How the courts hold expert witnesses’ feet to the fire

How the courts hold expert witnesses’ feet to the fire

In an adversarial environment, lawyers on both sides will endeavor to put their best foot forward on behalf of their clients.  However, experts are always expected to provide the court with unbiased, non-partisan opinion evidence. Recent judicial decisions have helped identify situations of bias and helped to clarify circumstances when the court may choose to include or exclude an expert’s evidence. 

The starting point for any analysis as to the role and duty of experts can be found at 4.1.01 of the Rules of Civil Procedure (Ontario), which reads: “It is the duty of every expert engaged by or on behalf of a party to provide evidence in relation to a proceeding under these rules, to provide opinion evidence that is fair, objective and non-partisan; to provide opinion evidence that is related only to matters that are within the expert’s area of expertise; and to provide such additional assistance as the court may reasonably require to determine a matter in issue.”  Most importantly, this duty “prevails over any obligation owed by the expert to the party by whom or on whose behalf he or she is engaged.”

The court in the recent case of Daggitt v. Campbell 2016 ONSC 2742, in obiter dicta, analyzed whether an expert hired by defence counsel should be permitted to conduct a defence medical examination. One of the starting points of this analysis was to look into previous judicial decisions where this expert has testified before the courts.
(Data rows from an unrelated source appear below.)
Lemma Cpow_Cpowz (u : CC) (k : Z) (n : nat) :
  Cpow (Cpowz u k) n = Cpowz u (Z.of_nat n * k).
Proof.
  destruct (Z_nat_or_opp_nat k) as [m [-> | ->]].
  - now rewrite <- Nat2Z.inj_mul, !Cpowz_of_nat, <- Cpow_mult_r, Nat.mul_comm.
  - rewrite Z.mul_opp_r, <- Nat2Z.inj_mul, !Cpowz_opp_nat.
    now rewrite <- Cpow_mult_r, Nat.mul_comm.
Qed.

Lemma Cpowz_root_of_unity (X : CC) (p : nat) (m : Z) :
  Cpow X p = 1 -> Cpowz X (Z.of_nat p * m) = 1.
Proof. intros HX. now rewrite <- Cpowz_Cpow, HX, Cpowz_1_l. Qed.

Lemma unit_mult_conj (u : CC) : Cmod u = 1 -> (u * Cconj u)%C = 1.
Proof. intros Hu. now rewrite <- Cmod2_conj, Hu, pow1. Qed.

Lemma Cpowz_sub_nat (u : CC) (a b : nat) : Cmod u = 1 ->
  Cpowz u (Z.of_nat a - Z.of_nat b) = (Cpow u a * Cpow (Cconj u) b)%C.
Proof.
  intros Hu. revert a. induction b as [|b IH]; intros a.
  - now rewrite Z.sub_0_r, Cpowz_of_nat, Cmult_1_r.
  - destruct a as [|a].
    + now rewrite Z.sub_0_l, Cpowz_opp_nat, Cmult_1_l.
    + replace (Z.of_nat (S a) - Z.of_nat (S b))%Z with (Z.of_nat a - Z.of_nat b)%Z by lia.
      rewrite IH, !Cpow_S.
      transitivity (Cpow u a * Cpow (Cconj u) b * (u * Cconj u))%C.
      * now rewrite unit_mult_conj, Cmult_1_r.
      * ring.
Qed.

Lemma Cpowz_add (u : CC) (k l : Z) : Cmod u = 1 ->
  Cpowz u (k + l) = (Cpowz u k * Cpowz u l)%C.
Proof.
  intros Hu.
  replace k with (Z.of_nat (Z.to_nat k) - Z.of_nat (Z.to_nat (- k)))%Z by lia.
  replace l with (Z.of_nat (Z.to_nat l) - Z.of_nat (Z.to_nat (- l)))%Z by lia.
  set (a := Z.to_nat k); set (b := Z.to_nat (- k)).
  set (c := Z.to_nat l); set (d := Z.to_nat (- l)).
  replace (Z.of_nat a - Z.of_nat b + (Z.of_nat c - Z.of_nat d))%Z
    with (Z.of_nat (a + c) - Z.of_nat (b + d))%Z by lia.
  rewrite !Cpowz_sub_nat, !Cpow_add_r by exact Hu.
  ring.
Qed.

Lemma Cmod_Cpowz (u : CC) (k : Z) : Cmod u = 1 -> Cmod (Cpowz u k) = 1.
Proof.
  intros Hu. destruct k as [|n|n]; simpl; rewrite ?Cmod_1, ?Cmod_pow, ?Cmod_conj, ?Hu;
  now rewrite ?pow1.
Qed.

Lemma Cmod_Cpowz_le_1 (u : CC) (k : Z) : Cmod u <= 1 -> Cmod (Cpowz u k) <= 1.
Proof.
  intros Hu. destruct k as [|n|n]; simpl; rewrite ?Cmod_1, ?Cmod_pow, ?Cmod_conj; [lra| |];
  rewrite <- (pow1 (Pos.to_nat n)); apply pow_incr; split; auto using Cmod_ge_0.
Qed.

(* [Csgn 0 = 0], since [/ 0 = 0]. *)
Definition Csgn (z : CC) : CC := (RtoC (/ Cmod z) * z)%C.

Definition Cmod2 (z : CC) : R := Cmod z ^ 2.

Lemma Cmod_Csgn (z : CC) : z <> 0%C -> Cmod (Csgn z) = 1.
Proof.
  intros Hz. apply Cmod_gt_0 in Hz.
  unfold Csgn. rewrite Cmod_mult, Cmod_R, Rabs_pos_eq.
  - now field; apply Rgt_not_eq.
  - now apply Rlt_le, Rinv_0_lt_compat.
Qed.

Lemma Cmod_Csgn_le_1 (z : CC) : Cmod (Csgn z) <= 1.
Proof.
  destruct (Ceq_dec z 0) as [-> | Hz].
  - unfold Csgn. rewrite Cmult_0_r, Cmod_0. lra.
  - rewrite Cmod_Csgn by exact Hz. lra.
Qed.

Lemma Cmod_unit_mult (c z : CC) : Cmod c = 1 -> Cmod (c * z) = Cmod z.
Proof. intros Hc. now rewrite Cmod_mult, Hc, Rmult_1_l. Qed.

Lemma Csgn_unit_mult (c z : CC) : Cmod c = 1 -> Csgn (c * z) = (c * Csgn z)%C.
Proof. intros Hc. unfold Csgn. rewrite Cmod_unit_mult by exact Hc. ring. Qed.

Section Continuity.
Context {T : UniformSpace}.
Implicit Types (x : T) (f g : T -> CC) (h : T -> R).

Lemma continuous_pair {U V : UniformSpace} (f : T -> U) (g : T -> V) x :
  continuous f x -> continuous g x ->
  continuous (fun y => (f y, g y) : prod_UniformSpace U V) x.
Proof.
  intros Hf Hg. apply filterlim_locally. intros eps.
  apply (filter_and _ _ (proj1 (filterlim_locally _ _) Hf eps)
                        (proj1 (filterlim_locally _ _) Hg eps)).
Qed.

Lemma continuous_Cmult f g x :
  continuous f x -> continuous g x -> continuous (fun y => (f y * g y)%C) x.
Proof.
  intros Hf Hg P HP. apply locally_C in HP.
  apply (continuous_mult (K := C_AbsRing) f g x); [| |exact HP];
    intros Q HQ; [apply Hf | apply Hg]; now apply locally_C.
Qed.

Lemma continuous_Cplus f g x :
  continuous f x -> continuous g x -> continuous (fun y => (f y + g y)%C) x.
Proof. apply (continuous_plus (V := C_NormedModule)). Qed.

Lemma continuous_Cmod f x : continuous f x -> continuous (fun y => Cmod (f y)) x.
Proof.
  intros Hf. apply (continuous_comp (V := AbsRing_UniformSpace C_AbsRing) f Cmod).
  - intros P HP. apply Hf. now apply locally_C.
  - apply (continuous_abs (K := C_AbsRing)).
Qed.

Lemma continuous_Cmod2 f x : continuous f x -> continuous (fun y => Cmod2 (f y)) x.
Proof.
  intros Hf. unfold Cmod2. simpl.
  apply (continuous_mult (K := R_AbsRing)); [now apply continuous_Cmod|].
  apply (continuous_mult (K := R_AbsRing)); [now apply continuous_Cmod | apply continuous_const].
Qed.

Lemma continuous_Cconj f x : continuous f x -> continuous (fun y => Cconj (f y)) x.
Proof.
  intros Hf. apply (continuous_pair (fun y => fst (f y)) (fun y => - snd (f y))).
  - apply (continuous_comp f fst); [exact Hf|]. destruct (f x); apply continuous_fst.
  - apply (continuous_opp (V := R_NormedModule)), (continuous_comp f snd); [exact Hf|].
    destruct (f x); apply continuous_snd.
Qed.

Lemma continuous_RtoC h x : continuous h x -> continuous (fun y => RtoC (h y)) x.
Proof. intros Hh. apply (continuous_pair h (fun _ => 0)); [exact Hh | apply continuous_const]. Qed.

Lemma continuous_Cpowz f x (k : Z) : continuous f x -> continuous (fun y => Cpowz (f y) k) x.
Proof.
  intros Hf.
  assert (Hpow : forall g, continuous g x -> forall n, continuous (fun y => Cpow (g y) n) x).
  { intros g Hg n. induction n as [|n IH]; [apply continuous_const|].
    now apply continuous_Cmult. }
  destruct k; [apply continuous_const | now apply Hpow | now apply Hpow, continuous_Cconj].
Qed.

Lemma continuous_Csgn f x : continuous f x -> f x <> 0%C -> continuous (fun y => Csgn (f y)) x.
Proof.
  intros Hf Hfx. apply continuous_Cmult; [|exact Hf].
  apply continuous_RtoC, (continuous_comp (fun y => Cmod (f y)) Rinv).
  - now apply continuous_Cmod.
  - apply continuous_Rinv. intros H. now apply Hfx, Cmod_eq_0.
Qed.

Lemma continuous_sub_const (h : T -> R) (c : R) (x : T) :
  continuous h x -> continuous (fun y => h y - c) x.
Proof.
  intros Hh. apply (continuous_minus (V := R_NormedModule)); [exact Hh | apply continuous_const].
Qed.

Lemma continuous_add_const_sub (h g : T -> R) (c : R) (x : T) :
  continuous h x -> continuous g x -> continuous (fun y => h y + c - g y) x.
Proof.
  intros Hh Hg. apply (continuous_minus (V := R_NormedModule)); [|exact Hg].
  apply (continuous_plus (V := R_NormedModule)); [exact Hh | apply continuous_const].
Qed.

Lemma continuous_scale_bounded h f x :
  continuous h x -> (h x <> 0 -> continuous f x) -> (forall y, Cmod (f y) <= 1) ->
  continuous (fun y => (RtoC (h y) * f y)%C) x.
Proof.
  intros Hh Hf Hbound. destruct (Req_dec (h x) 0) as [Hx0 | Hx0].
  - apply filterlim_locally. intros eps.
    generalize (proj1 (filterlim_locally _ _) Hh eps). apply filter_imp.
    intros y Hy. apply C_NormedModule_mixin_compat1.
    replace (minus (RtoC (h y) * f y)%C (RtoC (h x) * f x)%C) with (RtoC (h y) * f y)%C.
    + rewrite Cmod_mult, Cmod_R.
      apply (Rle_lt_trans _ (Rabs (h y) * 1)).
      * apply Rmult_le_compat_l; [apply Rabs_pos | apply Hbound].
      * rewrite Hx0 in Hy. change (Rabs (h y - 0) < eps) in Hy.
        now rewrite Rmult_1_r, <- (Rminus_0_r (h y)).
    + rewrite Hx0. unfold minus, plus, opp; simpl. ring.
  - apply continuous_Cmult; [now apply continuous_RtoC | now apply Hf].
Qed.
End Continuity.

Definition normW3 (w : W3) : R := sqrt (Cmod2 (fst w) + Cmod2 (snd w)).

Definition radial (w : W3) : W3 :=
  ((RtoC (/ normW3 w) * fst w)%C, (RtoC (/ normW3 w) * snd w)%C).

Lemma normW3_pos (w : W3) : w <> (RtoC 0, RtoC 0) -> 0 < normW3 w.
Proof.
  destruct w as [w1 w2]. intros Hw. apply sqrt_lt_R0. unfold Cmod2; simpl.
  assert (H1 := pow2_ge_0 (Cmod w1)). assert (H2 := pow2_ge_0 (Cmod w2)).
  destruct (Ceq_dec w1 0) as [-> | Hw1].
  - assert (Hw2 : w2 <> 0%C) by (intros ->; now apply Hw).
    apply Cmod_gt_0 in Hw2. assert (0 < Cmod w2 ^ 2) by now apply pow_lt. lra.
  - apply Cmod_gt_0 in Hw1. assert (0 < Cmod w1 ^ 2) by now apply pow_lt. lra.
Qed.

Lemma SW3_radial (w : W3) : w <> (RtoC 0, RtoC 0) -> SW3 (radial w).
Proof.
  intros Hw. assert (Hn := normW3_pos w Hw).
  assert (Hn2 : normW3 w ^ 2 = Cmod (fst w) ^ 2 + Cmod (snd w) ^ 2).
  { unfold normW3, Cmod2. rewrite pow2_sqrt; [reflexivity|].
    assert (H1 := pow2_ge_0 (Cmod (fst w))). assert (H2 := pow2_ge_0 (Cmod (snd w))). lra. }
  unfold SW3, radial; simpl. rewrite !Cmod_mult, Cmod_R, Rabs_pos_eq.
  2: now apply Rlt_le, Rinv_0_lt_compat.
  field_simplify; [|lra]. rewrite <- Hn2. field. lra.
Qed.

Lemma radial_unit_mult (c1 c2 w1 w2 : CC) : Cmod c1 = 1 -> Cmod c2 = 1 ->
  radial ((c1 * w1)%C, (c2 * w2)%C)
  = ((c1 * fst (radial (w1, w2)))%C, (c2 * snd (radial (w1, w2)))%C).
Proof.
  intros H1 H2. unfold radial, normW3, Cmod2; simpl.
  rewrite !Cmod_unit_mult by assumption. f_equal; ring.
Qed.

Lemma continuous_radial (w : W3) : w <> (RtoC 0, RtoC 0) -> continuous radial w.
Proof.
  intros Hw. destruct w as [w1 w2].
  assert (Hfst : continuous (fun w' : W3 => fst w') (w1, w2)) by apply continuous_fst.
  assert (Hsnd : continuous (fun w' : W3 => snd w') (w1, w2)) by apply continuous_snd.
  assert (Hinv : continuous (fun w' : W3 => RtoC (/ normW3 w')) (w1, w2)).
  { apply continuous_RtoC, (continuous_comp normW3 Rinv).
    - apply (continuous_comp (fun w' : W3 => Cmod2 (fst w') + Cmod2 (snd w')) sqrt);
        [|apply continuous_sqrt].
      apply (continuous_plus (V := R_NormedModule)); now apply continuous_Cmod2.
    - apply continuous_Rinv, Rgt_not_eq, normW3_pos, Hw. }
  apply continuous_pair; now apply continuous_Cmult.
Qed.

Fixpoint bump (l : list R) : R :=
  match l with
  | [] => 1
  | x :: l => Rmax x 0 * bump l
  end.

Lemma bump_pos (l : list R) : Forall (Rlt 0) l -> 0 < bump l.
Proof.
  induction 1 as [|x l Hx _ IH]; simpl; [lra|].
  rewrite Rmax_left by lra. now apply Rmult_lt_0_compat.
Qed.

Lemma bump_neq_0 (l : list R) : bump l <> 0 -> Forall (Rlt 0) l.
Proof.
  induction l as [|x l IH]; simpl; intros Hb; constructor.
  - destruct (Rlt_dec 0 x) as [Hx | Hx]; [exact Hx|].
    rewrite Rmax_right in Hb by lra. lra.
  - apply IH. intros H. apply Hb. rewrite H. ring.
Qed.

Lemma bump_eq_0 (l : list R) : ~ Forall (Rlt 0) l -> bump l = 0.
Proof.
  intros Hl. destruct (Req_dec (bump l) 0) as [H | H]; [exact H|].
  now apply bump_neq_0 in H.
Qed.

Lemma Rmax_0_Rabs (r : R) : Rmax r 0 = (r + Rabs r) / 2.
Proof.
  unfold Rmax. destruct (Rle_dec r 0).
  - rewrite Rabs_left1 by lra. field.
  - rewrite Rabs_pos_eq by lra. field.
Qed.

Lemma continuous_bump_cons {T : UniformSpace} (h : T -> R) (l : T -> list R) (x : T) :
  continuous h x -> continuous (fun y => bump (l y)) x ->
  continuous (fun y => bump (h y :: l y)) x.
Proof.
  intros Hh Hl. apply (continuous_mult (K := R_AbsRing)); [|exact Hl].
  apply (continuous_comp h (fun r => Rmax r 0)); [exact Hh|].
  apply continuous_ext with (f := fun r => (r + Rabs r) / 2).
  - intros r. symmetry. apply Rmax_0_Rabs.
  - apply (continuous_mult (K := R_AbsRing)); [|apply continuous_const].
    apply (continuous_plus (V := R_NormedModule)); [apply continuous_id | apply continuous_Rabs].
Qed.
In previous cases, it was found that this expert’s report and testimony was not “of a psychiatric nature,” but instead was presented under the “guise of expert medical testimony.”  Here, the courts indicate that the main consideration is to ensure a fair trial, through minimizing the potential for a miscarriage of justice which might occur when an expert is biased, particularly before a jury.

In another recent case, Mamado v Fridson, 2016 ONSC 4080, the defendants brought what is commonly known as a “threshold motion” to determine whether the plaintiff suffered a serious and permanent impairment of an important physical, mental or psychological function as a result of injuries sustained in a motor vehicle accident.  The court had various issues with the experts retained by defence counsel. 

With respect to the physiatrist, the court found that she had misread the plaintiff’s pre-accident medical history, was unable to remember how long she spent reviewing the plaintiff’s medical brief and preparing the report, and was also “indignant” when it was revealed that her income in the previous year, between $450,000-$470,000, was almost entirely from assessments performed for defence lawyers and insurance companies, and that she had only testified on behalf of a plaintiff once, when that plaintiff happened to be her patient. The other expert, a psychiatrist, admitted in cross-examination that he would “view anyone as suspicious who may be injured in an accident and end up before him for a medical-legal assessment” and he also misread the plaintiff’s pre-accident medical history.  This expert also derived half of this time and two-thirds of his income of roughly $400,000 from doing medical-legal work on behalf of defendants.  Both experts in this case are of the view that, despite the fact that their livelihoods depend on a certain client base, they can be entirely neutral and this does not influence them in any way.  The court instead found that their core evidence was overall supportive of the plaintiff’s claim.

The Supreme Court of Canada in White Burgess Langille Inman v. Abbott and Haliburton Co., [2015] 2 SCR 182 provided some much needed insight as to the admissibility of expert opinion evidence.  The first step is that the threshold requirements of admissibility must be established.  The four factors are set out in R. v. Mohan [1994] 2 SCR 9: relevance, necessity, absence of an exclusionary rule and a properly qualified expert.  If these threshold requirements are not met, evidence should be excluded.  The trial judge must then determine whether the evidence which meets the first step is “sufficiently beneficial to the trial process to warrant its admission despite the potential harm to the trial process that may flow from the admission of the expert evidence.” 

The overriding factor is that experts must be prepared to present an opinion that is impartial, independent and unbiased. This means that an expert’s evidence would not change depending on who hired him or her, but these concepts must be examined by taking into account the realities of adversarial litigation.  The court also provided instruction as to the concept of apparent bias: the question to be answered is not whether “a reasonable observer would think that the expert is not independent”, but whether “the relationship or interest results in the expert being unable or unwilling to carry out his or her primary duty to the court to provide fair, non-partisan and objective assistance.”